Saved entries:
+++

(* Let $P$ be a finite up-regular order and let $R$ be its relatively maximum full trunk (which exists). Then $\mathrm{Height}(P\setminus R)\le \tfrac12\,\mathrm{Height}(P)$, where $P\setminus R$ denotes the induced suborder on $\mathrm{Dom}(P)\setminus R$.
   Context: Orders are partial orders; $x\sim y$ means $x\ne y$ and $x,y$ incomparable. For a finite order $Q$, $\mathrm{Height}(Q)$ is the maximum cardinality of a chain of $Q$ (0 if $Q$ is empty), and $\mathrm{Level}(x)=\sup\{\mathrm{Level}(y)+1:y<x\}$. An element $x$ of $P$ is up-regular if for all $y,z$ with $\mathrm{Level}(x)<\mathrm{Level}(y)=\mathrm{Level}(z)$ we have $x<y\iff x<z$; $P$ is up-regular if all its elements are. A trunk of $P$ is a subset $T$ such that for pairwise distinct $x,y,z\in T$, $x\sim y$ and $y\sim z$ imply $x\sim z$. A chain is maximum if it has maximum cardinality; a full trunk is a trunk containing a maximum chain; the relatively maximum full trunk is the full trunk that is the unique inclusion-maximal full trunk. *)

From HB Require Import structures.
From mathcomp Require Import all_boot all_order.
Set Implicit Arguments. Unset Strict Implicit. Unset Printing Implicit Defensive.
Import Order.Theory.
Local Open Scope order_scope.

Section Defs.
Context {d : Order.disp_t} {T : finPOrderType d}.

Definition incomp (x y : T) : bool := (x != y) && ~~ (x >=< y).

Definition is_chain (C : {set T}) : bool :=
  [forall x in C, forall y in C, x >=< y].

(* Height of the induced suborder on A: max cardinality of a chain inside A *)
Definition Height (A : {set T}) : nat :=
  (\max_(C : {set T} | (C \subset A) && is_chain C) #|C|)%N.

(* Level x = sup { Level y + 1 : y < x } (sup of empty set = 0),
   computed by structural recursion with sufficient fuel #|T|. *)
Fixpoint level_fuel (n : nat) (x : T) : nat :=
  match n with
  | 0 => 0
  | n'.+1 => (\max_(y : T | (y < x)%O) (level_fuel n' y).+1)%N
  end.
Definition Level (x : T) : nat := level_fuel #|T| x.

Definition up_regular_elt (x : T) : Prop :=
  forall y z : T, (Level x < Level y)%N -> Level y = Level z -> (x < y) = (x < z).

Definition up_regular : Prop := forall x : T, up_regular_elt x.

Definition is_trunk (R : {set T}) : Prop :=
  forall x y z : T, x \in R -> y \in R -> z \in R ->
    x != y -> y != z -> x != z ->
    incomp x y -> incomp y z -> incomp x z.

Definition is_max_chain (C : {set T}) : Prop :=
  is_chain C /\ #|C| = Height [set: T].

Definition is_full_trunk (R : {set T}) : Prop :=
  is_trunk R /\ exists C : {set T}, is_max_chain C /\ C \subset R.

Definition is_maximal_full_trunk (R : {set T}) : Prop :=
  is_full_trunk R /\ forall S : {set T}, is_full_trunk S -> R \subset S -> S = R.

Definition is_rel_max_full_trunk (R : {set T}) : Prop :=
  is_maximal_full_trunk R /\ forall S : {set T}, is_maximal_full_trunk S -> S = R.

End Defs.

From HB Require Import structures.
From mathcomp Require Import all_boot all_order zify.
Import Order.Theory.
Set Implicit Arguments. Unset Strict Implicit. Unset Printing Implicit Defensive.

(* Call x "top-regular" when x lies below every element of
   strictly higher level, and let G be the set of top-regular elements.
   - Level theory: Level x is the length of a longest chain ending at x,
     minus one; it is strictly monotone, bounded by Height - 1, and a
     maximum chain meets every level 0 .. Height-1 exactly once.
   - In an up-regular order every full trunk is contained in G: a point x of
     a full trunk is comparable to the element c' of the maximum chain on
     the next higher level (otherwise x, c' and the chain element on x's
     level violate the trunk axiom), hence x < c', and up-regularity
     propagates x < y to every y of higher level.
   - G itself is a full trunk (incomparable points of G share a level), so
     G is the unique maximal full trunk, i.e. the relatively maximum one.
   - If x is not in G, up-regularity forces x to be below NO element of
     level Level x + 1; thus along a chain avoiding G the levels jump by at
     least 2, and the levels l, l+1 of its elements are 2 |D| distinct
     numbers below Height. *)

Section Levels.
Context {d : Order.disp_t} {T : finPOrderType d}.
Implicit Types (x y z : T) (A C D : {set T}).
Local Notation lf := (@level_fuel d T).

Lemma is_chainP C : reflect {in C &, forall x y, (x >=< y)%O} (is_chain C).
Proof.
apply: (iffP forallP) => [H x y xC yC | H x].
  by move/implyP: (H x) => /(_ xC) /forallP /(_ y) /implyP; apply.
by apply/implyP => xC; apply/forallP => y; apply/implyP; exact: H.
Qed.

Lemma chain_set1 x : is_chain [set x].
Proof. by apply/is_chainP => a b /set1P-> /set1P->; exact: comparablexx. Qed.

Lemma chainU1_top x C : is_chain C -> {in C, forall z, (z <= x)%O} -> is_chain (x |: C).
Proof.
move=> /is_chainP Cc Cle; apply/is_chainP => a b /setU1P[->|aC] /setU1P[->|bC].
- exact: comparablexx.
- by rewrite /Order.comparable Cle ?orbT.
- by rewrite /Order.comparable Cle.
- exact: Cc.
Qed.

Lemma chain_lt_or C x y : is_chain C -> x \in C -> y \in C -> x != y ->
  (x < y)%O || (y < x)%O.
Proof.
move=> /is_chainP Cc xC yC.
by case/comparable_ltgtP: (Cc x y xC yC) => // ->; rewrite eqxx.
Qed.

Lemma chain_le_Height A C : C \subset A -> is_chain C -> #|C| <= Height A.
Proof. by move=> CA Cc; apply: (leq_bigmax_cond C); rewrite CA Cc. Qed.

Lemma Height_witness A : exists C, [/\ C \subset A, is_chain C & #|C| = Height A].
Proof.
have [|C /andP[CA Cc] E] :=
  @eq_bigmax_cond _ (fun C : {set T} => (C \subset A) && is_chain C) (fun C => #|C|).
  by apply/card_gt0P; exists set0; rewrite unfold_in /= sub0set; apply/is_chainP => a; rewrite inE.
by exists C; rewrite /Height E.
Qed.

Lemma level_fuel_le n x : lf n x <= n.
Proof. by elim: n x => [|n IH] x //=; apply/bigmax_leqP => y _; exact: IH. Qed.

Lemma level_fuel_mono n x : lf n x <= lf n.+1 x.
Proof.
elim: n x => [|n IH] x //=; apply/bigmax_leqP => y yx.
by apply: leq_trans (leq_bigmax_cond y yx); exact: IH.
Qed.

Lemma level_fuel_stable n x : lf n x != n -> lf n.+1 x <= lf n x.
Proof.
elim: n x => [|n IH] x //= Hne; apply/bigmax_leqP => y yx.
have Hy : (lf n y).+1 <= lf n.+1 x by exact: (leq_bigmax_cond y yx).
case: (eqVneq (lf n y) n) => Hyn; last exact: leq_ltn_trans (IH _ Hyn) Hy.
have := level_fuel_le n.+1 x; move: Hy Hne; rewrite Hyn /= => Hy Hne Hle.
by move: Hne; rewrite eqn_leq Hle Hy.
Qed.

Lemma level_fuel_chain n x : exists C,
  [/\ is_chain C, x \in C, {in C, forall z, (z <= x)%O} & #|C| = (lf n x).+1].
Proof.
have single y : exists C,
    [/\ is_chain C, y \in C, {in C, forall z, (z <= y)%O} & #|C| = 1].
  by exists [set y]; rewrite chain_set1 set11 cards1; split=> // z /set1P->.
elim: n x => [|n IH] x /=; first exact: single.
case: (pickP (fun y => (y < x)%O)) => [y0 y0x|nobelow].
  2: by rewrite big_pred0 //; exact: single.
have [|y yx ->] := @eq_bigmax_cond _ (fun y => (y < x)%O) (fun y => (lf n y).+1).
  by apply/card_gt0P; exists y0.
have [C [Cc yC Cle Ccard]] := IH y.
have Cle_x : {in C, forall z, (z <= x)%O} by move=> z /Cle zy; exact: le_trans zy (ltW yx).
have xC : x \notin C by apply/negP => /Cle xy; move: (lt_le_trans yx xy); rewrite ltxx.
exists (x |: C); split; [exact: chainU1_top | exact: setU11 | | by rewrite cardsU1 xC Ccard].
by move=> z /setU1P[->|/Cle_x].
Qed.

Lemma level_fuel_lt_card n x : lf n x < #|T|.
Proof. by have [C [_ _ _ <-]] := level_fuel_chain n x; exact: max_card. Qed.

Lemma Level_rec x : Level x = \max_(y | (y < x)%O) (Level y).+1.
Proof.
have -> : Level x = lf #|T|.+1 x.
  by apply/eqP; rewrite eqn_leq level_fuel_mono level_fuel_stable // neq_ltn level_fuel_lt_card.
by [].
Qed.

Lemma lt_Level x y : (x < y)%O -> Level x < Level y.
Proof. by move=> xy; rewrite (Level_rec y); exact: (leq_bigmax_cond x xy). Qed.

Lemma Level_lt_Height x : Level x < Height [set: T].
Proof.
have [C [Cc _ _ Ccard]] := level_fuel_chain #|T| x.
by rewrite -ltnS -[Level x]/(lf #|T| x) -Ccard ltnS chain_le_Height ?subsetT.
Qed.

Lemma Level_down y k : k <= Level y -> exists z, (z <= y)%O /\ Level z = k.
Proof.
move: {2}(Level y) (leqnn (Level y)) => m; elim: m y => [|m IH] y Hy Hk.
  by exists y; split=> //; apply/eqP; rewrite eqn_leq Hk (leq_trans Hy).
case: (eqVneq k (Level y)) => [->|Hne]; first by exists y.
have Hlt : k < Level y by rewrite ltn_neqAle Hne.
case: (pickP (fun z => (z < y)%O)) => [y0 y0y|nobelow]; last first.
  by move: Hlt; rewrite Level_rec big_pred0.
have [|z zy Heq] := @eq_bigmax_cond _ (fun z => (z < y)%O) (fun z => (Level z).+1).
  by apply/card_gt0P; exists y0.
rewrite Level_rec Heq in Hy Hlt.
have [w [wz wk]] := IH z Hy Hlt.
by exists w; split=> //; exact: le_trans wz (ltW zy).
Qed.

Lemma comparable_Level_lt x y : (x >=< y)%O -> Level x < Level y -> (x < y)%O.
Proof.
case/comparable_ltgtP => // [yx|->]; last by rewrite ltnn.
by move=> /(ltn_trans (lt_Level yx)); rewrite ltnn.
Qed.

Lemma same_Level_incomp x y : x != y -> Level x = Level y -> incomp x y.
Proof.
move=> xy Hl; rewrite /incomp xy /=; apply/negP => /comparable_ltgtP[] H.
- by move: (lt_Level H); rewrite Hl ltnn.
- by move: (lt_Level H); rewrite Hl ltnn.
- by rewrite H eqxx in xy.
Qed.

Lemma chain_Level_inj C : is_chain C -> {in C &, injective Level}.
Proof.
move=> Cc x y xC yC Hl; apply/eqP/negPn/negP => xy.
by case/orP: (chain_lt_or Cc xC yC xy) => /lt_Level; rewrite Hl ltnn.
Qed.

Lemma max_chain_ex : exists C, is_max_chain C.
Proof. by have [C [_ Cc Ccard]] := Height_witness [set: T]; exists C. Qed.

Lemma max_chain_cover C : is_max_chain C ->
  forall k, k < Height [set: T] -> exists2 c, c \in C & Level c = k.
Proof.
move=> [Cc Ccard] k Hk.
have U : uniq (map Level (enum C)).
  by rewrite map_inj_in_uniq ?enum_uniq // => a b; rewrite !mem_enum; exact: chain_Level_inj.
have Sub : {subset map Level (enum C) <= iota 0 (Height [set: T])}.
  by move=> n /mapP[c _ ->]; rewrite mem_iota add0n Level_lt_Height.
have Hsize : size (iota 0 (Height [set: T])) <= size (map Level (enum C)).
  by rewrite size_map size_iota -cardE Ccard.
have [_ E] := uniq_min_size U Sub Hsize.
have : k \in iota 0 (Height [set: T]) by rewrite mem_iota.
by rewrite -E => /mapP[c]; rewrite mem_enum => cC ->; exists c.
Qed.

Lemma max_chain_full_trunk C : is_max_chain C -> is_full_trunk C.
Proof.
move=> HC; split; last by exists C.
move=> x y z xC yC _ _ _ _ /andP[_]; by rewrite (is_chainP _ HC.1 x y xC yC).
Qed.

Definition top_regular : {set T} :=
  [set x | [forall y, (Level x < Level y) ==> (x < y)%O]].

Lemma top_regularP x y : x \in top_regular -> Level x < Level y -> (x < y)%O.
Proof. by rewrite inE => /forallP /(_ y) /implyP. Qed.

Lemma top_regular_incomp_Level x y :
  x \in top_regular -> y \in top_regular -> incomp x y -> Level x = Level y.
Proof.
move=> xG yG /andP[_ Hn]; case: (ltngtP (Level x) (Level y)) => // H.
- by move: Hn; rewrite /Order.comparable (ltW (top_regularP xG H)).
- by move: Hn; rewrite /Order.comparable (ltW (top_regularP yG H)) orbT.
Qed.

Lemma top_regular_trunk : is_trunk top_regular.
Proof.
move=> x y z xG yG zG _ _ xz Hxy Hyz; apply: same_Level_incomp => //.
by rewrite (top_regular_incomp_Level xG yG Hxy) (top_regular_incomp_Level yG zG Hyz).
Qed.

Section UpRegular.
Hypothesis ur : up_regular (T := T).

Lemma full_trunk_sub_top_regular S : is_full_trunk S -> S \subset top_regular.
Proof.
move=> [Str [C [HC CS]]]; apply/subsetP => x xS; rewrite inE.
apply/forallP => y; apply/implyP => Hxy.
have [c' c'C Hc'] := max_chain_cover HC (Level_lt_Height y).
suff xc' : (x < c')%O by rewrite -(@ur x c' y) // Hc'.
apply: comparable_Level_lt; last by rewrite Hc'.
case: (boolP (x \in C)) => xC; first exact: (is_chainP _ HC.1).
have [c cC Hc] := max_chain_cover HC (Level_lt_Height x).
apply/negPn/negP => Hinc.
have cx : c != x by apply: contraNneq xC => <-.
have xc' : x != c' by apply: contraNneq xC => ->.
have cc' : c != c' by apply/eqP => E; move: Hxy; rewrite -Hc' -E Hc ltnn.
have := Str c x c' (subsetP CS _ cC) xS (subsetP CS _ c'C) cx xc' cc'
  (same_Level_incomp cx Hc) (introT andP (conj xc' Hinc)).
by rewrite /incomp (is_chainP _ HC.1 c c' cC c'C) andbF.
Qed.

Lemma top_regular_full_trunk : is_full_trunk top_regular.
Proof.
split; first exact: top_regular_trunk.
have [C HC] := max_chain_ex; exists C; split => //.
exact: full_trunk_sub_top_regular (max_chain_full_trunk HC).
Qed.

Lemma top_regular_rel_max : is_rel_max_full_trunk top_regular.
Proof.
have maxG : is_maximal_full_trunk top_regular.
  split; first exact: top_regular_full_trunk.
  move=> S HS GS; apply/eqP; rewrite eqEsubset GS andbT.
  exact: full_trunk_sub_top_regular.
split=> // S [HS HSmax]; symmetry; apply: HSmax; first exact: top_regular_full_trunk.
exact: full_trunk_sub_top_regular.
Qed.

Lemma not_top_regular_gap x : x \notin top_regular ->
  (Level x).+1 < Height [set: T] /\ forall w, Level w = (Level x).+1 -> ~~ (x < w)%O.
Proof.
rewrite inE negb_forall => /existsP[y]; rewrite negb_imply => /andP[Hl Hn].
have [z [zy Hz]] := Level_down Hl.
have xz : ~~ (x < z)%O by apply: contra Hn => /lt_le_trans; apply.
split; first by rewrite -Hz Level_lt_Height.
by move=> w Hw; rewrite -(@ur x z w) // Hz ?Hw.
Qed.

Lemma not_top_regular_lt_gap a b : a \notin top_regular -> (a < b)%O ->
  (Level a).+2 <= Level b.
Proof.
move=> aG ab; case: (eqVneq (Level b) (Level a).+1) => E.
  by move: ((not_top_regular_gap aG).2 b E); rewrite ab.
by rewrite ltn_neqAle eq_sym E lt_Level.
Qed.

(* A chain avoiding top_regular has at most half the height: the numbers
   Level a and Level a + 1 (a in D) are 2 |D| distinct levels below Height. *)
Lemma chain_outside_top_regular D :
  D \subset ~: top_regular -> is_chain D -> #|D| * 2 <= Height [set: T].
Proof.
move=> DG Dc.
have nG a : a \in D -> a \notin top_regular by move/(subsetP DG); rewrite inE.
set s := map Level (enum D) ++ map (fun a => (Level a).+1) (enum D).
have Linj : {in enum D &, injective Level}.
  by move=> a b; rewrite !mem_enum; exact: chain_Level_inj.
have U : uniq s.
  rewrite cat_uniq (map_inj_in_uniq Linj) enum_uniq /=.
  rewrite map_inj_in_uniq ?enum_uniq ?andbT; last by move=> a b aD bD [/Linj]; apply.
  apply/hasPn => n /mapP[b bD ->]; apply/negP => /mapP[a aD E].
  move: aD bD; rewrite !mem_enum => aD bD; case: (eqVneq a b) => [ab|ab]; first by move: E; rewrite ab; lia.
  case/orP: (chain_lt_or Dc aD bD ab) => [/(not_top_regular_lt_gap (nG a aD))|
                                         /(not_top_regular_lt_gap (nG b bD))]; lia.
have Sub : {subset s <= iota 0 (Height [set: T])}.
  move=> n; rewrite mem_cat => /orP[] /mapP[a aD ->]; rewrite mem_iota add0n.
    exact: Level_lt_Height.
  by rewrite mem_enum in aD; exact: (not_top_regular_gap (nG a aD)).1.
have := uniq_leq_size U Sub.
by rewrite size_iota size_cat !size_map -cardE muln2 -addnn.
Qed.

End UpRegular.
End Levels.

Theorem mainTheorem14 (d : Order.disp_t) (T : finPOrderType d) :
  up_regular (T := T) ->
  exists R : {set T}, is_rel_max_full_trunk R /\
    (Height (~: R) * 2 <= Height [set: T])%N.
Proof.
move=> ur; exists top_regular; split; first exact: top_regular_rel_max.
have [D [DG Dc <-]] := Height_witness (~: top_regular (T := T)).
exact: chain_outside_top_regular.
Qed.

+++

WORK ITEM
Only lines holding the word "cardinality" are wanted, so copy each of them from the records above.

RESULT OF THE TASK
   Context: Orders are partial orders; $x\sim y$ means $x\ne y$ and $x,y$ incomparable. For a finite order $Q$, $\mathrm{Height}(Q)$ is the maximum cardinality of a chain of $Q$ (0 if $Q$ is empty), and $\mathrm{Level}(x)=\sup\{\mathrm{Level}(y)+1:y<x\}$. An element $x$ of $P$ is up-regular if for all $y,z$ with $\mathrm{Level}(x)<\mathrm{Level}(y)=\mathrm{Level}(z)$ we have $x<y\iff x<z$; $P$ is up-regular if all its elements are. A trunk of $P$ is a subset $T$ such that for pairwise distinct $x,y,z\in T$, $x\sim y$ and $y\sim z$ imply $x\sim z$. A chain is maximum if it has maximum cardinality; a full trunk is a trunk containing a maximum chain; the relatively maximum full trunk is the full trunk that is the unique inclusion-maximal full trunk. *)
(* Height of the induced suborder on A: max cardinality of a chain inside A *)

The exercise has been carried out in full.